My system configuration is   :
Arch : ppc7400
kernel : 2.6.21
Memory : 512MB.
Filesystem : XFS

I am facing a strange problem !

When i do a read operation on a large file,  i am not getting the 
expected data (ie., it reads wrong data).

I  have written a simple read & write program, where it does the 
following :

1.allocate a buffer of 314MB
2.memset it to '5'
3.write this buffer to a file
4.fsync the file
5.close the file
6.open the same file
7.read the contents in chunksize of 4k into a buffer.
8.check the contents for '5'
    Here i am supposed to get only '5's, but i get some different value 
after some reads.

The interesting thing here is :  If i open the file with O_DIRECT, i 
don't see such inconsistency.

Due to this inconsistency, i am not able to untar a large file (600MB) 
properly.

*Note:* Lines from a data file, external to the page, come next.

Lemma emon_np (k j : nat) : E (- k%:Z) j = vp (k%:Z * j%:Z) * (X3 ^+ k * X2 ^+ j).
Proof. by rewrite emonE opprK !posp_oppn !expr0 mul1r !mulr1 mulNr opprK. Qed.

Lemma emon_nn (k m : nat) :
  E (- k%:Z) (- m%:Z) = vp (- (k%:Z * m%:Z)) * (X3 ^+ k * X0 ^+ m).
Proof. by rewrite emonE !opprK !posp_oppn !expr0 !mul1r mulrNN. Qed.

Lemma emon_p (n : nat) b :
  E n b = vp (- (n%:Z * b)) * (X1 ^+ n * (X2 ^+ posp b * X0 ^+ posp (- b))).
Proof. by rewrite emonE posp_oppn expr0 mul1r. Qed.

Lemma emon_n (k : nat) b :
  E (- k%:Z) b = vp (k%:Z * b) * (X3 ^+ k * (X2 ^+ posp b * X0 ^+ posp (- b))).
Proof. by rewrite emonE opprK posp_oppn expr0 mul1r mulNr opprK. Qed.

(* The Z-span of the v^e E_(a',b') with (a',b') ⪯ p and e <= n; the set
   Sigma_(c,d) of the paper contains Span (c, d) (-1). *)
Inductive Span (p : int * int) (n : int) : A -> Prop :=
  | Span0 : Span p n 0
  | SpanD x y : Span p n x -> Span p n y -> Span p n (x + y)
  | SpanN x : Span p n x -> Span p n (- x)
  | Span_monomial a b e : preceq (a, b) p -> e <= n -> Span p n (vp e * E a b).

Lemma Span_mono p p' n n' x : Span p n x -> preceq p p' -> n <= n' -> Span p' n' x.
Proof.
move=> Sx pp' nn'; elim: Sx => [|{}x y _ Sx _ Sy|{}x _ Sx|a b e ab en].
- exact: Span0.
- exact: SpanD.
- exact: SpanN.
- by apply: Span_monomial; [exact: preceq_trans pp' | exact: le_trans nn'].
Qed.
Let selG_min y g : g \in G -> lev (selG y) y <= lev g y.
Proof. exact: (@argmin_le _ R _ (lev^~ y)). Qed.

Let selH_step x1 x2 : x1 < x2 -> (selH x2).1 < (selH x1).1 \/ selH x1 = selH x2.
Proof. by move=> lt; apply: crossing_slope lt (selH_min _ _) (selH_min _ _). Qed.

Let selG_step y1 y2 : y1 <= y2 -> (selG y2).1 < (selG y1).1 \/ selG y1 = selG y2.
Proof.
rewrite le_eqVlt => /orP[/eqP-> | lt]; first by right.
by apply: crossing_slope lt (selG_min _ _) (selG_min _ _).
Qed.

(* The potential ranks the slopes of the two minimisers; [r] orders the slopes of
   [G] in the direction in which they move on the half line described by [P]. *)
Let sel_cover (r : rel R) (P : R -> Prop) : transitive r -> irreflexive r ->
  (forall x1 x2, x1 < x2 -> P x1 -> P x2 ->
     r (selG (minH x2)).1 (selG (minH x1)).1 \/ selG (minH x1) = selG (minH x2)) ->
  exists s, [/\ (size s <= size G + size H)%N, {subset s <= allpairs pair G H}
    & forall x, P x -> sel x \in s].
Proof.
move=> tr irr G_step.
have lt_tr : transitive (@Order.lt _ R) by move=> ? ? ?; apply: lt_trans.
have lt_irr : irreflexive (@Order.lt _ R) by move=> ?; apply: ltxx.
pose pot (p : line * line) :=
  (rank <%R (map fst H) p.2.1 + rank r (map fst G) p.1.1)%N.
apply: (@potential_cover _ _ _ (allpairs pair G H) P sel pot) => [x _ | x _ | x1 x2 lt P1 P2].
- exact: allpairs_f.
- rewrite /pot addnC -addnS -(size_map fst G) -(size_map fst H).
  apply: leq_add; first apply: ltnW.
    exact: rank_lt_size irr (map_f _ (selG_mem _)).
  exact: rank_lt_size lt_irr (map_f _ (selH_mem _)).
have H_rank : (selH x2).1 < (selH x1).1 ->
    (rank <%R (map fst H) (selH x1).1 < rank <%R (map fst H) (selH x2).1)%N.
  by move=> Hlt; have := rank_lt lt_tr lt_irr Hlt (map_f fst (selH_mem x1)).
have G_rank : r (selG (minH x2)).1 (selG (minH x1)).1 ->
    (rank r (map fst G) (selG (minH x1)).1 < rank r (map fst G) (selG (minH x2)).1)%N.
  by move=> Glt; have := rank_lt tr irr Glt (map_f fst (selG_mem (minH x1))).
rewrite /sel /pot /=.
case: (selH_step lt) => [/H_rank Hlt | ->]; case: (G_step _ _ lt P1 P2) => [/G_rank Glt | ->];
  try by left.
- by right; rewrite -addnS leq_add // ltnW.
- by right; rewrite ltn_add2r.
- by right; rewrite ltn_add2l.
Qed.

Lemma comp_cover_nonempty : exists T, [/\ (size T <= 2 * (size G + size H))%N,
  {subset T <= allpairs lcomp G H} &
  forall x h g, h \in H -> (forall h', h' \in H -> lev h x <= lev h' x) -> g \in G ->
    below T x (lev g (lev h x))].
Proof.
have minH_up x1 x2 : x1 <= x2 -> 0 <= (selH x2).1 -> minH x1 <= minH x2.
  move=> le ge0; apply: le_trans (selH_min _ (selH_mem x2)) _; rewrite /minH /lev; nra.
have minH_down x1 x2 : x1 <= x2 -> (selH x1).1 <= 0 -> minH x2 <= minH x1.
  move=> le le0; apply: le_trans (selH_min _ (selH_mem x1)) _; rewrite /minH /lev; nra.
have [s1 [sz1 sub1 cov1]] : exists s, [/\ (size s <= size G + size H)%N,
    {subset s <= allpairs pair G H} & forall x, 0 <= (selH x).1 -> sel x \in s].
  apply: (@sel_cover <%R) => [? ? ? | ? | x1 x2 lt _ P2]; [exact: lt_trans | exact: ltxx |].
  exact: selG_step (minH_up _ _ (ltW lt) P2).
have [s2 [sz2 sub2 cov2]] : exists s, [/\ (size s <= size G + size H)%N,
    {subset s <= allpairs pair G H} & forall x, (selH x).1 <= 0 -> sel x \in s].
  apply: (@sel_cover >%R) => [? ? ? h1 h2 | ? | x1 x2 lt P1 _].
  - exact: lt_trans h2 h1.
  - exact: ltxx.
  by case: (selG_step (minH_down _ _ (ltW lt) P1)) => [|->]; [left | right].
exists [seq lcomp p.1 p.2 | p <- s1 ++ s2]; split.
- by rewrite size_map size_cat mulSn mul1n leq_add.
- move=> _ /mapP[p + ->]; rewrite mem_cat => /orP[/sub1 | /sub2];
    by case/allpairsP => -[g h] [gG hH ->]; apply: allpairs_f.
- move=> x h g hH h_min gG; have sel_s : sel x \in s1 ++ s2.
    by rewrite mem_cat; case: (lerP 0 (selH x).1) => [/cov1 | /ltW /cov2] ->; rewrite ?orbT.
  have -> : lev h x = minH x by apply/le_anti; rewrite selH_min ?h_min.
  exists (lcomp (selG (minH x)) (selH x)).
    exact: (map_f (fun p : line * line => lcomp p.1 p.2) sel_s).
  by rewrite lev_comp selG_min.
Qed.

End Selection.

Lemma comp_cover G H : exists T, [/\ (size T <= 2 * (size G + size H))%N,
  {subset T <= allpairs lcomp G H} &
  forall x h g, h \in H -> (forall h', h' \in H -> lev h x <= lev h' x) -> g \in G ->
    below T x (lev g (lev h x))].
Proof.
case: G => [|g0 G]; first by exists [::].
case: H => [|h0 H]; first by exists [::].
exact: comp_cover_nonempty (mem_head _ _) (mem_head _ _).
Qed.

In the middle of untarring i get "Invalid headers".  Copy 
operations are also not happening properly, get "Structure needs 
cleanining" in the middle of copy. Even the compare on two same files 
shows me differences.

I guess all the above inconsistency is due to the "buffered read path". 
Some thing goes wrong in the flow of buffered reads.
I have checked the buffer inside the "do_generic_mapping_read" function 
(ie., before the copy_to_user ), even here there is inconsistency.

I checked the memory with memtest, and harddisk with smartmon tools, 
found no errors here. Also same problem is reproduced on different m/c's 
with similar configuration.

Is this a bug in kernel-2.6.21-PPC?
Please help me on finding out the problem.